_Material shown_
Lemma CK_witness : witness (CK N).
Proof.
split.
  apply: (@connected_hub (CK N) (o0, true)) => -[i b].
  have h1 : connect (@adj (CK N)) (i, b) (i, true).
    case: b; first exact: connect0.
    by apply: connect1; rewrite sadjE /= pair_neq2 // eqxx.
  apply: connect_trans h1 _; case: (eqVneq i o0) => [->|ne]; first exact: connect0.
  by apply: connect1; rewrite sadjE /= pair_neq1 // ne.
apply: leq_trans (leqnSn _) _; apply: leq_trans (leqnSn _) _.
apply: (@leq_card_local_alpha (CK N) N (fun i => (i, true))) => [i j [] //|i].
exists (i, false), (other i, true); rewrite /induced_P3 !sadjE /= pair_neq2 // eqxx.
by rewrite pair_neq1 ?other_neq //= pair_neq2 //= [other i == i]eq_sym orbb other_neq.
Qed.
Lemma special_family_witness H : special_family N H -> witness H.
Proof.
case=> [->|[->|[->|[->|[->|[->|->]]]]]].
- exact: Kstar_witness.
- exact: Path_witness.
- exact: K1nstar_witness.
- exact: K2n_witness.
- exact: E2joinKn_witness.
- exact: K1joinnP3_witness.
- exact: CK_witness.
Qed.
End SpecialGraphs.

Theorem theorem1p5 (HH : graph -> Prop) :
  (exists c : nat, forall G : graph, connected G -> Hfree HH G ->
      #|[set v : V G | 2 <= local_alpha v]| < c)
  <->
  (exists n : nat, 0 < n /\ family_le HH (special_family n)).
Proof.
split=> [[c bound]|[n [_ le]]].
  exists c.+2; split=> // H sH; apply: NNPP => no_sub.
  have H_free : Hfree HH H by move=> H1 HH1 iH1; apply: no_sub; exists H1.
  have [cH many] := special_family_witness sH.
  by have := bound H cH H_free; rewrite ltnNge many.
exists (nonsimplicial_bound n n) => G cG G_free.
exact: card_local_alpha_lt (Hfree_le le G_free) cG.
Qed.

_About this task_
Output the complete data exactly as written.

_Solved problem_
Lemma CK_witness : witness (CK N).
Proof.
split.
  apply: (@connected_hub (CK N) (o0, true)) => -[i b].
  have h1 : connect (@adj (CK N)) (i, b) (i, true).
    case: b; first exact: connect0.
    by apply: connect1; rewrite sadjE /= pair_neq2 // eqxx.
  apply: connect_trans h1 _; case: (eqVneq i o0) => [->|ne]; first exact: connect0.
  by apply: connect1; rewrite sadjE /= pair_neq1 // ne.
apply: leq_trans (leqnSn _) _; apply: leq_trans (leqnSn _) _.
apply: (@leq_card_local_alpha (CK N) N (fun i => (i, true))) => [i j [] //|i].
exists (i, false), (other i, true); rewrite /induced_P3 !sadjE /= pair_neq2 // eqxx.
by rewrite pair_neq1 ?other_neq //= pair_neq2 //= [other i == i]eq_sym orbb other_neq.
Qed.
Lemma special_family_witness H : special_family N H -> witness H.
Proof.
case=> [->|[->|[->|[->|[->|[->|->]]]]]].
- exact: Kstar_witness.
- exact: Path_witness.
- exact: K1nstar_witness.
- exact: K2n_witness.
- exact: E2joinKn_witness.
- exact: K1joinnP3_witness.
- exact: CK_witness.
Qed.
End SpecialGraphs.

Theorem theorem1p5 (HH : graph -> Prop) :
  (exists c : nat, forall G : graph, connected G -> Hfree HH G ->
      #|[set v : V G | 2 <= local_alpha v]| < c)
  <->
  (exists n : nat, 0 < n /\ family_le HH (special_family n)).
Proof.
split=> [[c bound]|[n [_ le]]].
  exists c.+2; split=> // H sH; apply: NNPP => no_sub.
  have H_free : Hfree HH H by move=> H1 HH1 iH1; apply: no_sub; exists H1.
  have [cH many] := special_family_witness sH.
  by have := bound H cH H_free; rewrite ltnNge many.
exists (nonsimplicial_bound n n) => G cG G_free.
exact: card_local_alpha_lt (Hfree_le le G_free) cG.
Qed.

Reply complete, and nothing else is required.